Net debt was a bright spot in the results, coming at £286.2m and beating expectations by around £17m thanks to tighter working capital control and asset sales.
Chief executive officer Alain Michaelis said: "2018 results were deeply unsatisfactory with an 11% profit decline, as a result of which we have acted firmly in restructuring four of our business units. In addition we have continued to build the capability of the group, with the successful acquisition and integration of Moretrench in the US a notable highlight.
"The internal improvement measures, coupled with a stable market outlook, a healthy order book and Keller's leading position in the industry, give us confidence in the outlook for 2019."
At 0950 GMT, the shares were up 13.3% to 628.85p
Peel Hunt said: "While 2019 is inevitably set to be mixed in terms of end markets, our overall forecasts are unlikely to change. The group has continued to make progress on harmonising operations, sharing best practices as well as centralising some functions.

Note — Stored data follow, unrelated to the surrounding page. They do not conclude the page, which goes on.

(* Under the hypotheses and notation below, write the monic eigenfunction as $p_\lambda=\sum_{\ell=1}^n c_{\lambda\lambda^{(\ell)}}m_{\lambda^{(\ell)}}$. Then $c_{\lambda\lambda^{(n)}}=c_{\lambda\lambda}=1$ and, for $1<\ell\le n$, $$c_{\lambda\lambda^{(\ell-1)}}=\frac{1}{\epsilon_\lambda-\epsilon_{\lambda^{(\ell-1)}}}\sum_{k=\ell}^n c_{\lambda\lambda^{(k)}}\,d_{\lambda^{(k)}\lambda^{(\ell-1)}}.$$
   Context: Setting: $E$ real Euclidean space spanned by an irreducible root system $R$, Weyl group $W$, positive roots $R^+$, $\mathcal{Q}^+=\mathrm{Span}_{\mathbb{N}}(R^+)$, weight lattice $\mathcal{P}$, dominant weights $\mathcal{P}^+$, partial order $\lambda\succeq\mu$ iff $\lambda-\mu\in\mathcal{Q}^+$. $\mathcal{A}^W$ is the space of $W$-invariants in the group algebra of $\mathcal{P}$ (formal exponentials $e^\lambda$, $e^\lambda e^\mu=e^{\lambda+\mu}$), with basis $m_\lambda=\sum_{\mu\in W(\lambda)}e^\mu$, $\lambda\in\mathcal{P}^+$; $\mathcal{A}^W_\lambda=\mathrm{Span}\{m_\mu\mid\mu\in\mathcal{P}^+,\mu\preceq\lambda\}$. $D:\mathcal{A}^W\to\mathcal{A}^W$ is linear with $D(\mathcal{A}^W_\lambda)\subseteq\mathcal{A}^W_\lambda$ for all $\lambda\in\mathcal{P}^+$; $\{s_\lambda\}$ is a basis with $m_\lambda=\sum_{\mu\preceq\lambda}a_{\lambda\mu}s_\mu$, $a_{\lambda\lambda}=1$, and $Dm_\lambda=\sum_{\mu\preceq\lambda}b_{\lambda\mu}s_\mu$, $b_{\lambda\lambda}=\epsilon_\lambda$ (sums over dominant $\mu$); $D$ is regular: $\epsilon_\mu\ne\epsilon_\lambda$ whenever $\mu\prec\lambda$ are dominant. $p_\lambda$ is the unique element of $\mathcal{A}^W$ with $Dp_\lambda=\epsilon_\lambda p_\lambda$ and $p_\lambda=m_\lambda+\sum_{\mu\in\mathcal{P}^+,\mu\prec\lambda}c_{\lambda\mu}m_\mu$. For fixed $\lambda\in\mathcal{P}^+$, $\lambda^{(1)},\dots,\lambda^{(n)}=\lambda$ is an enumeration of $\{\mu\in\mathcal{P}^+\mid\mu\preceq\lambda\}$ such that $\lambda^{(i)}\prec\lambda^{(j)}$ implies $i<j$, and $d_{\lambda^{(j)}\lambda^{(k)}}=b_{\lambda^{(j)}\lambda^{(k)}}-\epsilon_\lambda a_{\lambda^{(j)}\lambda^{(k)}}$ for $j>k$. *)

From HB Require Import structures.
From mathcomp Require Import all_boot all_order all_algebra.
From mathcomp Require Import boolp reals.
Set Implicit Arguments. Unset Strict Implicit. Unset Printing Implicit Defensive.
Import Order.TTheory GRing.Theory Num.Theory.
Local Open Scope ring_scope.

Section RootData.
Variables (R : realType) (r : nat).
Local Notation vec := 'rV[R]_r.

Definition dotp (u v : vec) : R := (u *m v^T) 0 0.

Definition copair (x a : vec) : R := 2 * dotp x a / dotp a a.

Definition refl (a x : vec) : vec := x - copair x a *: a.

Definition is_intR (x : R) : Prop := exists z : int, x = z%:~R.

Definition irreducible_root_system (Phi : seq vec) : Prop :=
  [/\ (0 : vec) \notin Phi,
      (forall x : vec, exists c : vec -> R, x = \sum_(a <- Phi) c a *: a),
      (forall a b, a \in Phi -> b \in Phi -> refl a b \in Phi),
      (forall a b, a \in Phi -> b \in Phi -> is_intR (copair b a)) &
      (forall S : pred vec, (exists2 a, a \in Phi & S a) ->
          (exists2 a, a \in Phi & ~~ S a) ->
          exists a b, [/\ a \in Phi, b \in Phi, S a, ~~ S b & dotp a b != 0])].

Definition regular_vec (Phi : seq vec) (v0 : vec) : Prop :=
  forall a, a \in Phi -> dotp a v0 != 0.

Definition posroot (v0 a : vec) : bool := 0 < dotp a v0.

(* Weyl group elements as words in the simple reflections s_a, a in Phi *)
Definition weyl_act (w : seq vec) (x : vec) : vec := foldr refl x w.

Definition in_orbit (Phi : seq vec) (la x : vec) : Prop :=
  exists2 w : seq vec, all (mem Phi) w & x = weyl_act w la.

Definition weight (Phi : seq vec) (x : vec) : Prop :=
  forall a, a \in Phi -> is_intR (copair x a).

Definition dominant (Phi : seq vec) (v0 x : vec) : Prop :=
  weight Phi x /\ (forall a, a \in Phi -> posroot v0 a -> 0 <= copair x a).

"2019 we should see an improvement in the US results (slightly better mix, less one-off cost impacts and more integration benefits from the Moretrench acquisition). EMEA, which had a decent 2018, will probably see a slight drop in profits as the big contracts fully drop out. APAC is expected to move back into the black in H2 as the operational changes take effect and loss-making contracts complete. The group has also pointed to a tighter focus on debt, which should see leverage drop into a 1-1.5x band for the end of 2019.
"The shares have risen 12% year-to-date after a 49% drop in 2018. On current forecasts they are trading on a price-to-earnings of circa 6x with an EV/EBITDA of 3.5x and a free cash flow yield of circa 15%. While concerns remain, we think these ratings are too low and see the shares bouncing a bit today on the back of these more reassuring figures."